As you may recall, the first Knights of Pen and Paper grabbed me with its style but failed to deliver in the long term. It was with cautious optimism that I approached this sequel. Have they managed to overcome the weaknesses of the initial release?

In Knights of Pen and Paper 2 you take on the role of both a DM and a group of players in a tabletop RPG. The game features a series of quests that you can follow as well as endless numbers of battles you set up. You can have up to 5 heroes each with their own combination of class, race, and persona. My strongest character right now is a Cheerleader Human Warrior for example. The game almost entirely deals in the American stereotypes from the 80s and 90s. Like any RPG, you can travel from location to location, visit shops, explore dungeons, etc. While you can move anywhere you like at anytime, you will be generally focused along the games set story route.

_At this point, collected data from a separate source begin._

Lemma derive1n_even_pseries_bounded_iff (a : nat -> R) (g : R -> R) m :
  (forall n, 0 <= a n) -> cvgn (series a) ->
  (forall x, `|x| < 1 -> g x = limn (pseries a (x ^+ 2))) ->
  (exists M, forall l, 0 < l < 1 -> derive1n m g l <= M) <->
  cvgn (series (fun n => (1 + n%:R ^+ m) * a n)).
Proof.
move=> a0 Ca gE; pose b := iter m (@pseries_diffs R) (spread_even a).
have Cx x : `|x| <= 1 -> cvgn (pseries a (x ^+ 2)).
  move=> x1; apply: is_cvg_pseries_nneg; rewrite // sqr_ge0 /=.
  by rewrite -(real_normK (num_real x)) exprn_ile1.
have Cc y : `|y| < 1 -> cvgn (pseries (spread_even a) y).
  by move=> y1; rewrite pseries_spread_even is_cvg_series_spread_even; exact/Cx/ltW.
have ge : forall x, `|x| < 1 -> g x = limn (pseries (spread_even a) x).
  move=> x x1; rewrite gE // pseries_spread_even lim_series_spread_even //.
  exact/Cx/ltW.
have derE l : 0 < l < 1 -> derive1n m g l = limn (pseries b l).
  by case/andP=> l0 l1; rewrite (derive1n_pseries _ _ Cc ge) // gtr0_norm.
have Cb l : 0 < l < 1 -> cvgn (pseries b l).
  by case/andP=> l0 l1; apply: (is_cvg_pseries_iter_diffs _ Cc); rewrite gtr0_norm.
have b0 j : 0 <= b j.
  by rewrite /b iter_pseries_diffsE mulr_ge0 // /spread_even; case: odd.
rewrite -is_cvg_series_ffact_double // -is_cvg_series_iter_diffs_spread_even.
rewrite -nneg_pseries_bounded_iff_is_cvg_series //.
split=> -[M HM]; exists M => l l01; first by rewrite -derE //; apply: HM.
by rewrite derE //; apply: HM.
Qed.

End PowerSeries.

Section Orthogonality.
Context {R : realType} {d : measure_display} {U : measurableType d}.

Lemma integrable_mul_of_sqr (mu : {measure set U -> \bar R}) (f g : U -> R) :
  measurable_fun setT f -> measurable_fun setT g ->
  mu.-integrable setT (fun u => (f u ^+ 2)%:E) ->
  mu.-integrable setT (fun u => (g u ^+ 2)%:E) ->
  mu.-integrable setT (fun u => (f u * g u)%:E).
Proof.
move=> mf mg If Ig.
apply: (@le_integrable _ _ _ _ _ measurableT _ (fun u => (f u ^+ 2 + g u ^+ 2)%:E)).
- by apply/measurable_EFinP; exact: measurable_funM.
- move=> u _; rewrite !abse_EFin lee_fin ler_norml.
  rewrite (ger0_norm (addr_ge0 (sqr_ge0 _) (sqr_ge0 _))).
  have := sqr_ge0 (f u - g u); have := sqr_ge0 (f u + g u).
  by move=> ? ?; apply/andP; split; nra.
- exact: (integrableD measurableT If Ig).
Qed.
(* Let $\Omega=\Omega_0\cup\Omega_1$ be an at most unary topological signature and let $X$ be an arbitrary topological space. Then the Polish representation $\Phi_X:\overline{\Omega}_X\mathsf{Fin}_\Omega\to S_{\mathsf M}$ is an isomorphism of topological algebras.
   Context: $\Omega=\biguplus_n\Omega_n$ is a topological signature with $\Omega_n=\emptyset$ for $n\ge2$. A topological $\Omega$-algebra has continuous evaluation maps $\Omega_n\times A^n\to A$. $\mathsf{Fin}_\Omega$ is the class of finite discrete topological $\Omega$-algebras; $\overline{\Omega}_X\mathsf{Fin}_\Omega$ is the free profinite $\Omega$-algebra over the space $X$: a profinite $\Omega$-algebra with a continuous map $\iota:X\to\overline{\Omega}_X\mathsf{Fin}_\Omega$ whose image generates a dense subalgebra, such that every continuous map from $X$ into a member of $\mathsf{Fin}_\Omega$ extends uniquely through $\iota$ to a continuous homomorphism. Let $X\cup\Omega$ be the topological disjoint union of $X$ and the spaces $\Omega_n$, and $\overline{\Omega}_{X\cup\Omega}\mathsf M$ the free profinite monoid over this space (a profinite monoid with continuous map $\eta$ from $X\cup\Omega$ whose image generates a dense submonoid, universal for continuous maps into finite discrete monoids). It is an $\Omega$-algebra via $E_n(w,u_1,\dots,u_n)=\eta(w)u_1\cdots u_n$, and $S_{\mathsf M}$ is the closed $\Omega$-subalgebra generated by $\eta(X)$. The Polish representation $\Phi_X$ is the unique continuous $\Omega$-homomorphism $\overline{\Omega}_X\mathsf{Fin}_\Omega\to S_{\mathsf M}$ with $\Phi_X\circ\iota=\eta|_X$. *)

From HB Require Import structures.
From mathcomp Require Import all_boot all_order all_algebra.
From mathcomp Require Import all_classical all_reals all_analysis.
Set Implicit Arguments. Unset Strict Implicit. Unset Printing Implicit Defensive.
Local Open Scope classical_set_scope.
(* The following are equivalent: (a) $\mathbf{0}\in\mathrm{conv}\,\chi$; (b) for every $\mathbf{x}_i\in\chi$ and every $\mathbf{x}\in\mathcal{D}_{i,\mathrm{DP}}$ one has $\|\mathbf{x}\|\ge\|\mathbf{x}_i\|$. Moreover, when $\mathbf{0}\in\mathrm{conv}\,\chi$, equality $\|\mathbf{x}\|=\|\mathbf{x}_i\|$ with $\mathbf{x}\in\mathcal{D}_{i,\mathrm{DP}}$ holds only for $\mathbf{x}=\mathbf{x}_i$.
   Context: A constellation is a finite set $\chi=\{\mathbf{x}_1,\dots,\mathbf{x}_M\}\subset\mathbb{R}^2$ of distinct points, $M\ge 3$, not all lying on one line. The Voronoi region of $\mathbf{x}_i$ is $\mathcal{D}_{i,\mathrm{ML}}=\{\mathbf{x}\in\mathbb{R}^2:\|\mathbf{x}-\mathbf{x}_i\|\le\|\mathbf{x}-\mathbf{x}_j\|\ \forall j\}$. Two distinct points $\mathbf{x}_i,\mathbf{x}_j$ are neighbors if their Voronoi regions share an edge (a common boundary segment or ray of positive length); $\mathcal{S}_i$ denotes the set of neighbors of $\mathbf{x}_i$. The distance preserving constructive interference region (DPCIR) of $\mathbf{x}_i$ is $\mathcal{D}_{i,\mathrm{DP}}=\{\mathbf{x}\in\mathbb{R}^2:(\mathbf{x}_i-\mathbf{x}_j)^T\mathbf{x}\ge (\mathbf{x}_i-\mathbf{x}_j)^T(\mathbf{x}_i+\mathbf{x}_j)/2+\|\mathbf{x}_i-\mathbf{x}_j\|^2/2\ \forall\mathbf{x}_j\in\mathcal{S}_i\}$, equivalently $\{\mathbf{x}:(\mathbf{x}_i-\mathbf{x}_j)^T(\mathbf{x}-\mathbf{x}_i)\ge 0\ \forall\mathbf{x}_j\in\mathcal{S}_i\}$. $\mathrm{conv}\,\chi$ is the convex hull of $\chi$. *)

From Stdlib Require Import Reals Lra.
Open Scope R_scope.

Definition pt := (R * R)%type.

Definition dot (u v : pt) : R := fst u * fst v + snd u * snd v.
Definition vsub (u v : pt) : pt := (fst u - fst v, snd u - snd v).
Definition vadd (u v : pt) : pt := (fst u + fst v, snd u + snd v).
Definition vscale (a : R) (u : pt) : pt := (a * fst u, a * snd u).
Definition norm (u : pt) : R := sqrt (dot u u).

Fixpoint rsum (f : nat -> R) (n : nat) : R :=
  match n with O => 0 | S m => rsum f m + f m end.
Fixpoint vsum (f : nat -> pt) (n : nat) : pt :=
  match n with O => (0, 0) | S m => vadd (vsum f m) (f m) end.

Definition constellation (M : nat) (X : nat -> pt) : Prop :=
  (3 <= M)%nat /\
  (forall i j, (i < M)%nat -> (j < M)%nat -> X i = X j -> i = j) /\
  ~ (exists a b c : R, (a <> 0 \/ b <> 0) /\
       forall k, (k < M)%nat -> a * fst (X k) + b * snd (X k) = c).

Definition voronoi (M : nat) (X : nat -> pt) (i : nat) (x : pt) : Prop :=
  forall j, (j < M)%nat -> norm (vsub x (X i)) <= norm (vsub x (X j)).

Definition neighbors (M : nat) (X : nat -> pt) (i j : nat) : Prop :=
  X i <> X j /\
  exists a b : pt, a <> b /\
    forall t : R, 0 <= t <= 1 ->
      voronoi M X i (vadd (vscale (1 - t) a) (vscale t b)) /\
      voronoi M X j (vadd (vscale (1 - t) a) (vscale t b)).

You will generally use your DM freedom for grinding. The game has a pretty steep curve so you will find yourself murdering wave after wave of easy mobs to level up. This was a weakness of the game before and is definitely carried over. Battles (even on low levels) can feel very back and forth and so even grinding must be watched closely. There is not real option to just “mash A” so to speak.

In moderation the combat is pretty enjoyable. Each character class has a wide variety of skills and can be used in combination for great results. They really added some tactical choice and award players who think a few moves ahead. Of course, boss type characters are still a slog, but I am really enjoying the combat this time around.

The game is quite long you will find a lot to do. The story is nothing to write home about and the humor is a little off this time. That being said, I do find myself coming back from time to time to continue my adventure. It must just be the pace of game that fits of neurosis right now.

Knights of Pen and Paper 2 is a bit of a disappointment. A lot of the issues it had before still exist and the experience feels a little shallower overall this tie around. That being said, if you liked the first one, you will find a nice second helping here. The art is still charming and it is a charming homage to tabletop RPGs.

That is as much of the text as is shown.